Posted On: Nov 04, 2009 at 1:57 PM | Flag As Inappropriate
As an Officiant personally the rehearsal is important. It is more than just walking in out. It is about timing, cue's, seating of the Grandparents, Parents, Ushers and their roles, when guests should stand and be seated and the Ceremony. I do not not go into detail during the ceremony however it is important when the escort of the bride reaches the "altar site" what words will be exchanged and the Groom & Bride taking their place. It is important for the readers to know where to stand, where the unity/sand ceremony will be placed, the ushers roles, if ringbearer flower girl will they take a seat or stand, who will have the rings and handling of them etc. The timing of the music who walks and when, the recessional leaving and when the officiant leaves etc.

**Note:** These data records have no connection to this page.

(* Let $R$ be a ring, let $\mathcal C$ be a full subcategory of $\operatorname{Mod-}R$ all of whose objects are indecomposable slender right $R$-modules, and let $\mathcal P,\mathcal Q$ be completely prime ideals of $\mathcal C$ such that for every $A\in\operatorname{Ob}(\mathcal C)$ an endomorphism $f\colon A\to A$ is an automorphism if and only if $f\notin\mathcal P(A,A)\cup\mathcal Q(A,A)$. Assume $\mathcal C$ satisfies Condition (DSP). Let $\{A_i\mid i\in I\}$ and $\{B_j\mid j\in J\}$ be countable families of objects of $\mathcal C$ with $\prod_{i\in I}A_i\cong\prod_{j\in J}B_j$. Then there exist bijections $\sigma,\tau\colon I\to J$ with $[A_i]_{\mathcal P}=[B_{\sigma(i)}]_{\mathcal P}$ and $[A_i]_{\mathcal Q}=[B_{\tau(i)}]_{\mathcal Q}$ for every $i\in I$.
   Context: A completely prime ideal $\mathcal P$ of a full subcategory $\mathcal C$ of $\operatorname{Mod-}R$ consists of a subgroup $\mathcal P(A,B)$ of $\operatorname{Hom}_R(A,B)$ for each pair of objects $A,B$ of $\mathcal C$ such that: (1) for all objects $A,B,C$ and morphisms $f\colon A\to B$, $g\colon B\to C$, one has $gf\in\mathcal P(A,C)$ if and only if $f\in\mathcal P(A,B)$ or $g\in\mathcal P(B,C)$; (2) $\mathcal P(A,A)\neq\operatorname{Hom}_R(A,A)$ for every object $A$. For objects $A,B$, write $[A]_{\mathcal P}=[B]_{\mathcal P}$ (''same $\mathcal P$ class'') if $\mathcal P(A,B)\ne\operatorname{Hom}_R(A,B)$ and $\mathcal P(B,A)\neq\operatorname{Hom}_R(B,A)$. $\mathcal C$ satisfies Condition (DSP) if whenever $A,B,C,D$ are right $R$-modules with $A\oplus B\cong C\oplus D$ and $A,B,C\in\operatorname{Ob}(\mathcal C)$, then $D\in\operatorname{Ob}(\mathcal C)$. A right $R$-module $M$ is slender if for every homomorphism $f\colon R^\omega=\prod_{n<\omega}e_nR\to M$ (with $e_n$ the element having $1$ in position $n$ and $0$ elsewhere) there is $n_0$ with $f(e_n)=0$ for all $n\ge n_0$. ''Countable'' means finite or countably infinite. *)

(* Right R-modules are modelled as left modules over the
   converse ring R^c:  (r : R^c) *: m  stands for  m . r. *)
From HB Require Import structures.
From mathcomp Require Import all_boot all_order all_algebra.
Set Implicit Arguments. Unset Strict Implicit. Unset Printing Implicit Defensive.
Import Order.TTheory GRing.Theory Num.Theory.
Local Open Scope ring_scope.

Notation rmod R := (lmodType (R^c)).

Definition is_hom (R : pzRingType) (A B : rmod R) (f : A -> B) : Prop :=
  (forall x y : A, f (x + y) = f x + f y) /\
  (forall (r : R^c) (x : A), f (r *: x) = r *: f x).

Definition submod (R : pzRingType) (M : rmod R) (X : M -> Prop) : Prop :=
  X 0 /\ (forall x y, X x -> X y -> X (x + y)) /\
  (forall (r : R^c) x, X x -> X (r *: x)).

Definition indecomposable (R : pzRingType) (M : rmod R) : Prop :=
  (exists m : M, m <> 0) /\
  forall X Y : M -> Prop, submod X -> submod Y ->
    (forall m, X m -> Y m -> m = 0) ->
    (forall m, exists x y, X x /\ Y y /\ m = x + y) ->
    (forall x, X x -> x = 0) \/ (forall y, Y y -> y = 0).

Definition unit_vec (R : pzRingType) (n : nat) : nat -> R :=
  fun k => if k == n then 1 else 0.

(* Homomorphisms of right R-modules R^omega -> M, where R^omega = nat -> R
   with componentwise addition and right action (x . r)(k) = x k * r. *)
Definition is_hom_Romega (R : pzRingType) (M : rmod R) (f : (nat -> R) -> M)
  : Prop :=
  (forall x y : nat -> R, f (fun k => x k + y k) = f x + f y) /\
  (forall (r : R) (x : nat -> R), f (fun k => x k * r) = (r : R^c) *: f x).

Definition slender (R : pzRingType) (M : rmod R) : Prop :=
  forall f : (nat -> R) -> M, is_hom_Romega f ->
    exists n0 : nat, forall n, (n0 <= n)%N -> f (unit_vec R n) = 0.

(* Full subcategories of Mod-R are given by their class of objects. *)
Definition subcat (R : pzRingType) := rmod R -> Prop.

Definition hom_ideal (R : pzRingType) :=
  forall A B : rmod R, (A -> B) -> Prop.

Definition completely_prime (R : pzRingType) (C : subcat R)
    (P : hom_ideal R) : Prop :=
  (forall A B, C A -> C B ->
     (forall f, P A B f -> is_hom f) /\
     P A B (fun _ => 0) /\
     (forall f g, P A B f -> P A B g -> P A B (fun x => f x - g x))) /\
  (forall A B D, C A -> C B -> C D ->
     forall (f : A -> B) (g : B -> D), is_hom f -> is_hom g ->
       (P A D (fun x => g (f x)) <-> P A B f \/ P B D g)) /\
  (forall A, C A -> exists f : A -> A, is_hom f /\ ~ P A A f).

Definition same_class (R : pzRingType) (P : hom_ideal R) (A B : rmod R)
  : Prop :=
  (exists f : A -> B, is_hom f /\ ~ P A B f) /\
  (exists g : B -> A, is_hom g /\ ~ P B A g).

(* A (+) B ~= C (+) D, with external direct sums realised as pair types. *)
Definition dsum_iso (R : pzRingType) (A B C D : rmod R)
    (phi : A * B -> C * D) : Prop :=
  bijective phi /\
  (forall x y : A * B,
     phi (x.1 + y.1, x.2 + y.2) = ((phi x).1 + (phi y).1, (phi x).2 + (phi y).2)) /\
  (forall (r : R^c) (x : A * B),
     phi (r *: x.1, r *: x.2) = (r *: (phi x).1, r *: (phi x).2)).

Definition DSP (R : pzRingType) (C : subcat R) : Prop :=
  forall A B C' D : rmod R, C A -> C B -> C C' ->
    (exists phi : A * B -> C' * D, dsum_iso phi) -> C D.

(* prod_i A_i ~= prod_j B_j, products realised as dependent function types
   with componentwise operations. *)
Definition prod_iso (R : pzRingType) (I J : Type) (A : I -> rmod R)
    (B : J -> rmod R) (Phi : (forall i, A i) -> (forall j, B j)) : Prop :=
  bijective Phi /\
  (forall x y : forall i, A i,
     Phi (fun i => x i + y i) = (fun j => Phi x j + Phi y j)) /\
  (forall (r : R^c) (x : forall i, A i),
     Phi (fun i => r *: x i) = (fun j => r *: Phi x j)).

(* Fix a P-class c.  If finitely many A i of class c are mutually
   complementary direct summands of a finite direct sum of objects Y k, then
   at least as many Y k lie in c.  Remove the A i one at a time: the identity
   of A i is the sum of its factorisations through the Y k, so as P and Q are
   completely prime, either one factorisation lies in neither ideal (then
   A i is a summand, hence by indecomposability a copy, of some Y j), or one
   outside P and one outside Q add up to an automorphism (then A i is a
   summand of Y j (+) Y k, whose complement lies in C by (DSP), and Y k or
   the complement lies in c).  Either way one Y of class c is used up.
   Slenderness reduces the product isomorphism to this finite situation, so
   every class contains as many A i as B j, up to countable cardinality;
   matching the members of each class in the order of their codes gives
   sigma, and tau likewise. *)

From HB Require Import structures.
From mathcomp Require Import all_boot all_order all_algebra.
From mathcomp Require Import boolp.
Set Implicit Arguments. Unset Strict Implicit. Unset Printing Implicit Defensive.
Import GRing.Theory.
Local Open Scope ring_scope.

Section Homomorphisms.
Variable R : pzRingType.
Implicit Types A B D : rmod R.

Lemma hom0 A B (f : A -> B) : is_hom f -> f 0 = 0.
Proof. by move=> [fD _]; apply: (addrI (f 0)); rewrite -fD !addr0. Qed.

Lemma homB A B (f : A -> B) x y : is_hom f -> f (x - y) = f x - f y.
Proof.
move=> hf; apply: (addrI (f y)); rewrite -hf.1 [f y + _]addrC subrK.
by rewrite addrC subrK.
Qed.

Lemma hom_id A : is_hom (fun x : A => x).
Proof. by []. Qed.

Lemma hom_comp A B D (f : A -> B) (g : B -> D) :
  is_hom f -> is_hom g -> is_hom (fun x => g (f x)).
Proof. by move=> [fD fZ] [gD gZ]; split=> [x y|r x]; rewrite ?fD ?gD ?fZ ?gZ. Qed.

Lemma hom_add A B (f g : A -> B) :
  is_hom f -> is_hom g -> is_hom (fun x => f x + g x).
Proof.
move=> [fD fZ] [gD gZ]; split=> [x y|r x]; first by rewrite fD gD addrACA.
by rewrite fZ gZ scalerDr.
Qed.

The rehearsal is the time to work out all of the small logistics, and give everyone confidence. It also gives the Officiant the chance to see the site, meet everyone, will mic be used etc. and give a sense of caring and confidence!
Posted On: Nov 04, 2009 at 8:57 PM | Flag As Inappropriate
If your officiant is a professional, then they do not need to be at the rehearsal. ~ Happy Tears, I find this a bit offensive. I am every bit the professional (my reviews speak for themselves). The rehearsal is not for me, it is run by me, for the couples comfort level. I ask the important questions that they didn't consider. I meet the family and wedding party. It is almost always necessary for a larger wedding party (three or more attendants per side) and, as Rev. Catherine stated, those with children. They feel more comfortable coming down the aisle when they've met me ahead of time. In the very few larger ones I couldn't attend, I sent ahead a rehearsal layout for the couple and they were able to conduct the rehearsal without me. Because they had the proper info from me and the questions I needed answers to given with the way they should do it based on those answers, it went smoothly. They were grateful.